- _WHAT YOU NEED TO DO_
Copy out, word for word, the lines from the start of the data below through the line containing "Lemma submodF x", and no others.

○ ○ ○ ○ ○

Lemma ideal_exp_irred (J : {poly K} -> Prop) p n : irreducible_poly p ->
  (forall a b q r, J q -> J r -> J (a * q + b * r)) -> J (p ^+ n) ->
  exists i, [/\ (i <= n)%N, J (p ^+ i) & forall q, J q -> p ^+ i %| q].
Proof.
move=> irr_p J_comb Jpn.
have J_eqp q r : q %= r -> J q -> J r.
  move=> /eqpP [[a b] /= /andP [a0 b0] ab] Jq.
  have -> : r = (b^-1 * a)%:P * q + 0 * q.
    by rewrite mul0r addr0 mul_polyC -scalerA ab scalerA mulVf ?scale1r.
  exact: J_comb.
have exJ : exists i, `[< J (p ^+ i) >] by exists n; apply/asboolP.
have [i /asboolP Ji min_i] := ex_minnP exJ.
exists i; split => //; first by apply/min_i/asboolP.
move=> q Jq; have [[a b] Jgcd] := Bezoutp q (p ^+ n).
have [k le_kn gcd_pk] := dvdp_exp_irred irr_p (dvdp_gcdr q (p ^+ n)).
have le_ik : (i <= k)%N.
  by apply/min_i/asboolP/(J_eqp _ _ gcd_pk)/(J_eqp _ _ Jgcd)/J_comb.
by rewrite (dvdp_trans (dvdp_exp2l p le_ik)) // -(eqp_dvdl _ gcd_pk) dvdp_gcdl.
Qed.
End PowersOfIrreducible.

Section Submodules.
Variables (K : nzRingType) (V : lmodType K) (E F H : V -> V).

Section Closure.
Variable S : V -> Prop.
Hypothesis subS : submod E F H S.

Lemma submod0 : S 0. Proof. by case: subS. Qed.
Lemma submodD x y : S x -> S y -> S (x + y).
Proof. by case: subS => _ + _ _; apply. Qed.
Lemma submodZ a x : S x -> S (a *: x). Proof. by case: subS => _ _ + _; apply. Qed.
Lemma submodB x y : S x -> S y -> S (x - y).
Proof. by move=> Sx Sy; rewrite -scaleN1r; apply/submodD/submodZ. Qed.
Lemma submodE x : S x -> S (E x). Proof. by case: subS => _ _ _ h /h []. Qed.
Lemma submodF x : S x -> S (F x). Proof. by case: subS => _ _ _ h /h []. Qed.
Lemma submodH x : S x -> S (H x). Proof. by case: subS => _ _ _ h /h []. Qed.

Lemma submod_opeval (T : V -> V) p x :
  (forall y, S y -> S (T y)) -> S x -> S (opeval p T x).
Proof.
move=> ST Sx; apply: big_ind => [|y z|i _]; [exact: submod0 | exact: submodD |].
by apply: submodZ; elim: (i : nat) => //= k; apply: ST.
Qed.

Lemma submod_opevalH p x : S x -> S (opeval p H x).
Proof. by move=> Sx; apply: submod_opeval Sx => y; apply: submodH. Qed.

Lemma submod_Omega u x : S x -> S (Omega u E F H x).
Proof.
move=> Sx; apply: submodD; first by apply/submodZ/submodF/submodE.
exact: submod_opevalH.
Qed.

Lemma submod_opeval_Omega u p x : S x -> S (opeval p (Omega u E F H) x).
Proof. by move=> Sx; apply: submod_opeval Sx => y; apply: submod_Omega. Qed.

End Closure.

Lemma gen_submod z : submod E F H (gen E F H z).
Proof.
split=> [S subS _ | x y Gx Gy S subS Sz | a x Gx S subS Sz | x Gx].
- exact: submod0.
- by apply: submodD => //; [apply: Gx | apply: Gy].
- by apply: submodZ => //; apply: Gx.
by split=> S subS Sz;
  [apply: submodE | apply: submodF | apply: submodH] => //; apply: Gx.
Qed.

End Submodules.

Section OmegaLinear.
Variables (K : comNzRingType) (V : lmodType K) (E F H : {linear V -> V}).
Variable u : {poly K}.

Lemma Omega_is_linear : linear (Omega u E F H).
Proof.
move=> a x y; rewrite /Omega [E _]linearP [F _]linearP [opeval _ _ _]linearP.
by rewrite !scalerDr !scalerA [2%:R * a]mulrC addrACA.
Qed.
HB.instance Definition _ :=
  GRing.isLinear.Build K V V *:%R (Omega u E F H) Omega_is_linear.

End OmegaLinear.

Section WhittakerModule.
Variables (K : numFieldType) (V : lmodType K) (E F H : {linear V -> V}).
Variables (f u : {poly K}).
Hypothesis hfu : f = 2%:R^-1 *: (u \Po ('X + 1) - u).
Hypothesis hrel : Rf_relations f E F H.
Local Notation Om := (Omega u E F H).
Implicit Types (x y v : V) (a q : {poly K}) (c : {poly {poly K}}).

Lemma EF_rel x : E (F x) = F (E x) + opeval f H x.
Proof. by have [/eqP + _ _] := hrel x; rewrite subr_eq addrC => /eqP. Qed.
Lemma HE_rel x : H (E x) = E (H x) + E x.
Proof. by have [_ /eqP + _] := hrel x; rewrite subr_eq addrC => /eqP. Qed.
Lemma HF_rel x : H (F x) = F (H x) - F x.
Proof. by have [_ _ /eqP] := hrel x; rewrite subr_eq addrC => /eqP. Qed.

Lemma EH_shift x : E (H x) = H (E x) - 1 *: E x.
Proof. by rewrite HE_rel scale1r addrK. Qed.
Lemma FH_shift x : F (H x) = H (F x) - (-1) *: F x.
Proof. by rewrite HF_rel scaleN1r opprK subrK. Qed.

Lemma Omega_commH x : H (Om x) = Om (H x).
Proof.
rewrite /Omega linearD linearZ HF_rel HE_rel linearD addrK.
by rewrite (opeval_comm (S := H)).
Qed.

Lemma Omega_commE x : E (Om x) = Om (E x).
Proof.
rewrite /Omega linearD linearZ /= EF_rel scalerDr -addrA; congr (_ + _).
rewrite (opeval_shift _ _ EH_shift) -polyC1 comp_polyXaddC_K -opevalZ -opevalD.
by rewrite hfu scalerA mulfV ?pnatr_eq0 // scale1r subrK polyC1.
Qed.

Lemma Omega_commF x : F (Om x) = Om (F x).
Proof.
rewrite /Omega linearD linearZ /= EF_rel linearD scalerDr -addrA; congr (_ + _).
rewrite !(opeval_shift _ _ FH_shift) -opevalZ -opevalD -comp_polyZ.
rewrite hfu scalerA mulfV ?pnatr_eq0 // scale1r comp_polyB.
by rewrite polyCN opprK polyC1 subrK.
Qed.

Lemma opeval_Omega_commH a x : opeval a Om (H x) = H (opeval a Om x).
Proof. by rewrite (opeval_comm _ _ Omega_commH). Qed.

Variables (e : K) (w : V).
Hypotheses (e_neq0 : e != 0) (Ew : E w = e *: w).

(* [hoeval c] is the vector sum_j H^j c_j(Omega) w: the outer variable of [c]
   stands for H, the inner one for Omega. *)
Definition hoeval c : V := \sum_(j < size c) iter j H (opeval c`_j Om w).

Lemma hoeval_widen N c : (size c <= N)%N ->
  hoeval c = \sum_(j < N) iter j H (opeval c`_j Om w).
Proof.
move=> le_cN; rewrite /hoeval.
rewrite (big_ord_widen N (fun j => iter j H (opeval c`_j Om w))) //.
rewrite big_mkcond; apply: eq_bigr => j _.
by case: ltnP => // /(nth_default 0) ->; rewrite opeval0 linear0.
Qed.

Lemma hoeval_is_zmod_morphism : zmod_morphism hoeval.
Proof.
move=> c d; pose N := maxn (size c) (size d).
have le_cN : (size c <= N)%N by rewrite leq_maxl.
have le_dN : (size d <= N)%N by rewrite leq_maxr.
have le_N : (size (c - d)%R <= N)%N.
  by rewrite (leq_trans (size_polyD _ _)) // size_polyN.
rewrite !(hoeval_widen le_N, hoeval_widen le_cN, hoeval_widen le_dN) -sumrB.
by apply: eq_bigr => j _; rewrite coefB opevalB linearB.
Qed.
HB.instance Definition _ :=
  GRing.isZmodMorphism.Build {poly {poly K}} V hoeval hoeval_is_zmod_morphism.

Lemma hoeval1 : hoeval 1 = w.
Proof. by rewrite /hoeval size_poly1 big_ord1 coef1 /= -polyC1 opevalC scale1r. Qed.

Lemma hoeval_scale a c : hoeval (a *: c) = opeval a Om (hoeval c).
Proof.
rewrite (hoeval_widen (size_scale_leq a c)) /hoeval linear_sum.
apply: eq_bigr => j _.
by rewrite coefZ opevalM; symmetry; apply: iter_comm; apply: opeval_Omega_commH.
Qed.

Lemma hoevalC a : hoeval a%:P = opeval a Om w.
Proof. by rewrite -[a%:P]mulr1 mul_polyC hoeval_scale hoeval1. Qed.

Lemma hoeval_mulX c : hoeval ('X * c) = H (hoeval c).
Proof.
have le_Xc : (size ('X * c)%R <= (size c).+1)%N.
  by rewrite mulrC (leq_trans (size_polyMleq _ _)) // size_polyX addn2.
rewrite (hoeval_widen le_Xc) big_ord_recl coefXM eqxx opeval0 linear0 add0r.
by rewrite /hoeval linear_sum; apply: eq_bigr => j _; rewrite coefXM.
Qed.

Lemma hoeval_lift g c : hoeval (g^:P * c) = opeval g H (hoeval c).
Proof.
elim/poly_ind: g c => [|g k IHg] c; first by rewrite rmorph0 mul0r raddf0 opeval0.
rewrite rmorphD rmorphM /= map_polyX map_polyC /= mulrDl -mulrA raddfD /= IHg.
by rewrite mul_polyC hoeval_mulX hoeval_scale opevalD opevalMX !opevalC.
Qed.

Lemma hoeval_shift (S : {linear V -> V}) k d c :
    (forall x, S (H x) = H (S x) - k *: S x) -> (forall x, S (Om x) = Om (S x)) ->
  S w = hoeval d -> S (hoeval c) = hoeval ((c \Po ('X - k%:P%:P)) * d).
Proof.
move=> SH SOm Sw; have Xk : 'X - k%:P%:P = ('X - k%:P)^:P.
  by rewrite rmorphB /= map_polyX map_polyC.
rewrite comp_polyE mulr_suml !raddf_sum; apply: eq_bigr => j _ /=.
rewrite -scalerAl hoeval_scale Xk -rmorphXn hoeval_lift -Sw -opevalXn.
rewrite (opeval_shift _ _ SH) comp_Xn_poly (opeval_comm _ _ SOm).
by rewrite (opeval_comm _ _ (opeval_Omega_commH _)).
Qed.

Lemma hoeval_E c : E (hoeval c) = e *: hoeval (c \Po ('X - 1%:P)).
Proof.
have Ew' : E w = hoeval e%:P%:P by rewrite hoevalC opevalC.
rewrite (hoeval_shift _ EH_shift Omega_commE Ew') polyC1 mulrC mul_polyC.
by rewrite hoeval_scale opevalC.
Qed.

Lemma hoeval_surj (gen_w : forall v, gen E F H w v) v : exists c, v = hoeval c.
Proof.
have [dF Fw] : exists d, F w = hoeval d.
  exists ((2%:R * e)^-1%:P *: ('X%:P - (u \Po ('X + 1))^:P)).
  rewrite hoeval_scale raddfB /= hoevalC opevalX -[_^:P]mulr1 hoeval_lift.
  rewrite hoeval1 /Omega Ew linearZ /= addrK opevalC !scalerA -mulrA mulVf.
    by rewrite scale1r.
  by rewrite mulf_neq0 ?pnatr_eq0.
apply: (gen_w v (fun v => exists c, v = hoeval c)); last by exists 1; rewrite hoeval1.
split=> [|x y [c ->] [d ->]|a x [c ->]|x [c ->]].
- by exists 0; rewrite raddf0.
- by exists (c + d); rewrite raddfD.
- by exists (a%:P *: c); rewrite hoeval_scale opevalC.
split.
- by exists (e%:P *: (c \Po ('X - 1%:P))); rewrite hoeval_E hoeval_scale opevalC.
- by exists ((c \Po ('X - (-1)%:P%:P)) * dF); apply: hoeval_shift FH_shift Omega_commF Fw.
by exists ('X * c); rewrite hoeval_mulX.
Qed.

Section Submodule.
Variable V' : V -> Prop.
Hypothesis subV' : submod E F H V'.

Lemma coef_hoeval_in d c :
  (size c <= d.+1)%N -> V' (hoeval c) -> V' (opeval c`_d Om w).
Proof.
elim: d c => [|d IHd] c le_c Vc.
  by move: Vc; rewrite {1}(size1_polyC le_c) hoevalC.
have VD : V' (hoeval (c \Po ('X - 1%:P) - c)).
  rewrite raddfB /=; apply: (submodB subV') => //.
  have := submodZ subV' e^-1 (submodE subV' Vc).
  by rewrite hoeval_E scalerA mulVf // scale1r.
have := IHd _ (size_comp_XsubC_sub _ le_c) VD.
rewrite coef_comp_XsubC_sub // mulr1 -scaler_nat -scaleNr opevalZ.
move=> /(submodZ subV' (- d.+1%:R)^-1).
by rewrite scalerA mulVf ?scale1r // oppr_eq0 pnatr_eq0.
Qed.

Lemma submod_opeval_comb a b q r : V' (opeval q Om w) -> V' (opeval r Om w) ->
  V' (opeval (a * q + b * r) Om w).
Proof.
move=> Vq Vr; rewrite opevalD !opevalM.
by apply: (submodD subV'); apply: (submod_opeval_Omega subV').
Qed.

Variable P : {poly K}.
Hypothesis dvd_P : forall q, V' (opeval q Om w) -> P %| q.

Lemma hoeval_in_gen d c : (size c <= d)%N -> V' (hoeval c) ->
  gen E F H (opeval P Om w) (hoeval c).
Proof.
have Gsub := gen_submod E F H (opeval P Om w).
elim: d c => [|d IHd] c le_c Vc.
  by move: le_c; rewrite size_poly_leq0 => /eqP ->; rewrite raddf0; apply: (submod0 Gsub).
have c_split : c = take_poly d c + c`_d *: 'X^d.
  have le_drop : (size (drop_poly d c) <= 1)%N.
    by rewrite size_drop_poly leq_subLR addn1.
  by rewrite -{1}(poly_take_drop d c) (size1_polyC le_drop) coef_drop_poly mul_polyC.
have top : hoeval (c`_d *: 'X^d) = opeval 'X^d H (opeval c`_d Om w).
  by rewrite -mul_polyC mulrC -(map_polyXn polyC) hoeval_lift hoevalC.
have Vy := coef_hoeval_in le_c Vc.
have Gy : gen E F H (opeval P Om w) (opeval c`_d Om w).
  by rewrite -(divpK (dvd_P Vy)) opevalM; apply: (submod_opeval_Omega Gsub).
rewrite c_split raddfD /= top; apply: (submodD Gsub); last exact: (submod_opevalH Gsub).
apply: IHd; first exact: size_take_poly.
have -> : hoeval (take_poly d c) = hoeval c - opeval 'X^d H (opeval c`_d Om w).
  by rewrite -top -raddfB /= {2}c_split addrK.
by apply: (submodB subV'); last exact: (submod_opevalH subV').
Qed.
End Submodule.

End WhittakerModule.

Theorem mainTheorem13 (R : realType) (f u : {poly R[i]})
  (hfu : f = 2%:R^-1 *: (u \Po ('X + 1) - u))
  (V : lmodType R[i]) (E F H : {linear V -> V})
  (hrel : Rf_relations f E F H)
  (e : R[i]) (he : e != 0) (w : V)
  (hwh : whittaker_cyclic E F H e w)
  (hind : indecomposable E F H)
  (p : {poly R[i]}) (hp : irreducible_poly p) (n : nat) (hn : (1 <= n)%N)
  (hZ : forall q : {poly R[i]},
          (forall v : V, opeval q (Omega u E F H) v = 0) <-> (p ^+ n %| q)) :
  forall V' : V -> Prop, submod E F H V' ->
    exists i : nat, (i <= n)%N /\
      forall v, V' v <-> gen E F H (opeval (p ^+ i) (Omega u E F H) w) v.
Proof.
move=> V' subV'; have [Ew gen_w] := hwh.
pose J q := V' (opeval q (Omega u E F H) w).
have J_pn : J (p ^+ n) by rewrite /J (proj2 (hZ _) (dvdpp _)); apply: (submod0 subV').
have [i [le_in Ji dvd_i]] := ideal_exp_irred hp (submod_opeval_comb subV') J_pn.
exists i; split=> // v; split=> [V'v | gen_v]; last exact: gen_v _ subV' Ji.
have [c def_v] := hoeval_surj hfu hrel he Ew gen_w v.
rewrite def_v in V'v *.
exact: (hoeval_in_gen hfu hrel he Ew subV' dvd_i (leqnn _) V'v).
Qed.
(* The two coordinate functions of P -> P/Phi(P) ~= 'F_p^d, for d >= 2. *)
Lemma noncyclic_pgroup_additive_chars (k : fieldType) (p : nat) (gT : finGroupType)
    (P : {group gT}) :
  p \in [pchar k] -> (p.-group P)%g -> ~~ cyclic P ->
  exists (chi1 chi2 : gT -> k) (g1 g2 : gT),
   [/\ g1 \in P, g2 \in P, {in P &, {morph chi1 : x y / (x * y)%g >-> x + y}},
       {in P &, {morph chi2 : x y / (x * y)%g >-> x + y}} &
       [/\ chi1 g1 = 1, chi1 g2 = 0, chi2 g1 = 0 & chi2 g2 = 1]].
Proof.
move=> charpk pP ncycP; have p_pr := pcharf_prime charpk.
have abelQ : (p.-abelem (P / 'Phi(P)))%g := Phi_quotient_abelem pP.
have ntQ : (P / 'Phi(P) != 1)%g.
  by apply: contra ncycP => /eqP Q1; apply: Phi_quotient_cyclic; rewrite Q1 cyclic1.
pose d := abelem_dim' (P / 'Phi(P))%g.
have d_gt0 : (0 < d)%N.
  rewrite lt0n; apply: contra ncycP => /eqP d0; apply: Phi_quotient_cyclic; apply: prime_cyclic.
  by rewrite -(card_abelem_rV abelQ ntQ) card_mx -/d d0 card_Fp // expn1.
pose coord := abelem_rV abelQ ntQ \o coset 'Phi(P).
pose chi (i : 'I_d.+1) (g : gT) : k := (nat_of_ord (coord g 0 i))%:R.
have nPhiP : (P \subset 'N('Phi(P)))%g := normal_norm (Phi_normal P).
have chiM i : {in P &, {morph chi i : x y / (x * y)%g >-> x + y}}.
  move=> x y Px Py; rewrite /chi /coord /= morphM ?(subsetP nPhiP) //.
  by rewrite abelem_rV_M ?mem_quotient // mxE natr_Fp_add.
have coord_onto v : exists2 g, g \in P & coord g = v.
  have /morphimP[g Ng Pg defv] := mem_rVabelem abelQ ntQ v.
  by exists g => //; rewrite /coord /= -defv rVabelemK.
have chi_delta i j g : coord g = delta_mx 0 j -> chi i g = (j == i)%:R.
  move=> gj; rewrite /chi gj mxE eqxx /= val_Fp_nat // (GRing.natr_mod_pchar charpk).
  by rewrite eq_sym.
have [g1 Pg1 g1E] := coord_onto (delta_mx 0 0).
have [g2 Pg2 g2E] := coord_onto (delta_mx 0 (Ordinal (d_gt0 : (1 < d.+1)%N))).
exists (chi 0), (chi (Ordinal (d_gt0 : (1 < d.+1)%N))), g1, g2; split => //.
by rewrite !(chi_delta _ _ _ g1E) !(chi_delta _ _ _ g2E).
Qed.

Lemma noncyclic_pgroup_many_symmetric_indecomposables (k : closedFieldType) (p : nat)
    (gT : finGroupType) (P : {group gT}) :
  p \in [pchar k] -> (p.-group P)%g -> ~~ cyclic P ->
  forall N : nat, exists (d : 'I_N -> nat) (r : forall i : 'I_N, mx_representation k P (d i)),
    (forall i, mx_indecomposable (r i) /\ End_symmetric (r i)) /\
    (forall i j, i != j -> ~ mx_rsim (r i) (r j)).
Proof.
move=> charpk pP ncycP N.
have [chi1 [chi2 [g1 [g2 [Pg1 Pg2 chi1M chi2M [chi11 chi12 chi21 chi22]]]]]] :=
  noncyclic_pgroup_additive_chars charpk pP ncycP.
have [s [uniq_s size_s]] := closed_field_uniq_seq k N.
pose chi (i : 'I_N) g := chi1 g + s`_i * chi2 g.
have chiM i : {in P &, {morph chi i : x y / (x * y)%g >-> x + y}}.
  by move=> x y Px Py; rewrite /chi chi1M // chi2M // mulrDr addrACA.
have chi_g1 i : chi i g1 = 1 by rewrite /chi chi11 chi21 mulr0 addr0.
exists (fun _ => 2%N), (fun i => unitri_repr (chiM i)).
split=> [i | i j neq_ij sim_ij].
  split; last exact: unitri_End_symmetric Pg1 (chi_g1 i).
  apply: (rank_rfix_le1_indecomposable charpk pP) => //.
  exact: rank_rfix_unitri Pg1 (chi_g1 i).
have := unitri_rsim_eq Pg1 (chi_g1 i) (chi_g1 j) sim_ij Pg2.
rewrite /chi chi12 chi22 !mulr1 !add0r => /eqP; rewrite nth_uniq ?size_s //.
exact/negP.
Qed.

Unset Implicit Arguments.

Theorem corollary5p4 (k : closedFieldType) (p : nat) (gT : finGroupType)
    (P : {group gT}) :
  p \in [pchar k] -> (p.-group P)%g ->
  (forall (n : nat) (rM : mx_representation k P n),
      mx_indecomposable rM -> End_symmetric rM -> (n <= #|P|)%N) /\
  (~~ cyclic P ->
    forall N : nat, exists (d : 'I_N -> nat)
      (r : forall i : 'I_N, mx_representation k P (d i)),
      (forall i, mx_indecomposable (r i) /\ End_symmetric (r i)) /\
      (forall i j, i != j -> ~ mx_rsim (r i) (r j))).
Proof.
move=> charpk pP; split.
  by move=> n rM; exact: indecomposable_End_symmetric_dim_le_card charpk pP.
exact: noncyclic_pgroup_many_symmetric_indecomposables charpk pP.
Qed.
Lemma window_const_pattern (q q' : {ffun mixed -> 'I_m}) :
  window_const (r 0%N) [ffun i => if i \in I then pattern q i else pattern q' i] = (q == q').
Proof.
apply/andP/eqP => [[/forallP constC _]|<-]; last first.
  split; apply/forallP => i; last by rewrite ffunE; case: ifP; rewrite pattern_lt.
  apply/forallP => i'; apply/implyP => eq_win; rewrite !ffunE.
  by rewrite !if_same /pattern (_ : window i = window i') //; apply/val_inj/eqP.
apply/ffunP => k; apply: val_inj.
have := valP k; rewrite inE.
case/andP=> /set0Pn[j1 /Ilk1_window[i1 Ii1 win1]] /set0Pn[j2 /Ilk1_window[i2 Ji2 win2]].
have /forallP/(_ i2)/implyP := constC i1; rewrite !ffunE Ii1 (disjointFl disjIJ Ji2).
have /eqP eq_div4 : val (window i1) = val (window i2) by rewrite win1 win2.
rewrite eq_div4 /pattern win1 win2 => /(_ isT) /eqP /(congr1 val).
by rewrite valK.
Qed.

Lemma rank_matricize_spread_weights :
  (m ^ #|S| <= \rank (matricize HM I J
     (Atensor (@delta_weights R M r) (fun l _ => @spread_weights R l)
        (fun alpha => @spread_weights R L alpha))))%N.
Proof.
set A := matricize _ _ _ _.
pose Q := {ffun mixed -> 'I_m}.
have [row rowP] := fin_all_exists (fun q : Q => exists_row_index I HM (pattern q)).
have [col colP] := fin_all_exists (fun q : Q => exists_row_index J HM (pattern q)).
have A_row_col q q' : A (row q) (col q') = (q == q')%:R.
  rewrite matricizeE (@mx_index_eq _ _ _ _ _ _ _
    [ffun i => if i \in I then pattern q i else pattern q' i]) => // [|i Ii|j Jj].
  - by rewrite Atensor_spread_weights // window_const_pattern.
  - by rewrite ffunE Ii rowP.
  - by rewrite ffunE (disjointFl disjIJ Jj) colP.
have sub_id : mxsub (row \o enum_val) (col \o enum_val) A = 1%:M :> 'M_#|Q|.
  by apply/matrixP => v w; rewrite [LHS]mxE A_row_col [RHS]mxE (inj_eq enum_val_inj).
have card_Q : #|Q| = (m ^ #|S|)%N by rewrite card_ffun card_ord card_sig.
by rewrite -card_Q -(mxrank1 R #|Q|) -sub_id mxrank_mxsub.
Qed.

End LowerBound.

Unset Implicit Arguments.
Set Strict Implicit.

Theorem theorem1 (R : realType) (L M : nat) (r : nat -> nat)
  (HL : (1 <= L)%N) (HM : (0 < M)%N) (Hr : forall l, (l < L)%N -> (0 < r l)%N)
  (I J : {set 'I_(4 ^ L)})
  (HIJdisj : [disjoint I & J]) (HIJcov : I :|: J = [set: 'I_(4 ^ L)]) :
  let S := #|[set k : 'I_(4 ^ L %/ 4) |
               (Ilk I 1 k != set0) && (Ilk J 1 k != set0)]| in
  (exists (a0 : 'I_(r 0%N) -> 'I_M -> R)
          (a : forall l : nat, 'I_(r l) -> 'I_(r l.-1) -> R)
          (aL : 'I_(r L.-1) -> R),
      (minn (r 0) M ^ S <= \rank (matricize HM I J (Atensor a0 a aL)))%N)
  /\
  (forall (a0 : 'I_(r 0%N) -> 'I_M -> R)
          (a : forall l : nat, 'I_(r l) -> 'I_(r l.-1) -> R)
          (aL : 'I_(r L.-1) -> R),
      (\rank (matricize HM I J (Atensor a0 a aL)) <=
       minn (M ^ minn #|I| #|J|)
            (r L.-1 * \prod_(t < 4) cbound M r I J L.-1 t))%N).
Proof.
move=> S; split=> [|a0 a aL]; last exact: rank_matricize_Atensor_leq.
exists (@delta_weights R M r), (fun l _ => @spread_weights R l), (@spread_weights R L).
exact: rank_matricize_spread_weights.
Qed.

○ ○ ○ ○ ○

- _EXERCISE SOLUTION_
Lemma ideal_exp_irred (J : {poly K} -> Prop) p n : irreducible_poly p ->
  (forall a b q r, J q -> J r -> J (a * q + b * r)) -> J (p ^+ n) ->
  exists i, [/\ (i <= n)%N, J (p ^+ i) & forall q, J q -> p ^+ i %| q].
Proof.
move=> irr_p J_comb Jpn.
have J_eqp q r : q %= r -> J q -> J r.
  move=> /eqpP [[a b] /= /andP [a0 b0] ab] Jq.
  have -> : r = (b^-1 * a)%:P * q + 0 * q.
    by rewrite mul0r addr0 mul_polyC -scalerA ab scalerA mulVf ?scale1r.
  exact: J_comb.
have exJ : exists i, `[< J (p ^+ i) >] by exists n; apply/asboolP.
have [i /asboolP Ji min_i] := ex_minnP exJ.
exists i; split => //; first by apply/min_i/asboolP.
move=> q Jq; have [[a b] Jgcd] := Bezoutp q (p ^+ n).
have [k le_kn gcd_pk] := dvdp_exp_irred irr_p (dvdp_gcdr q (p ^+ n)).
have le_ik : (i <= k)%N.
  by apply/min_i/asboolP/(J_eqp _ _ gcd_pk)/(J_eqp _ _ Jgcd)/J_comb.
by rewrite (dvdp_trans (dvdp_exp2l p le_ik)) // -(eqp_dvdl _ gcd_pk) dvdp_gcdl.
Qed.
End PowersOfIrreducible.

Section Submodules.
Variables (K : nzRingType) (V : lmodType K) (E F H : V -> V).

Section Closure.
Variable S : V -> Prop.
Hypothesis subS : submod E F H S.

Lemma submod0 : S 0. Proof. by case: subS. Qed.
Lemma submodD x y : S x -> S y -> S (x + y).
Proof. by case: subS => _ + _ _; apply. Qed.
Lemma submodZ a x : S x -> S (a *: x). Proof. by case: subS => _ _ + _; apply. Qed.
Lemma submodB x y : S x -> S y -> S (x - y).
Proof. by move=> Sx Sy; rewrite -scaleN1r; apply/submodD/submodZ. Qed.
Lemma submodE x : S x -> S (E x). Proof. by case: subS => _ _ _ h /h []. Qed.
Lemma submodF x : S x -> S (F x). Proof. by case: subS => _ _ _ h /h []. Qed.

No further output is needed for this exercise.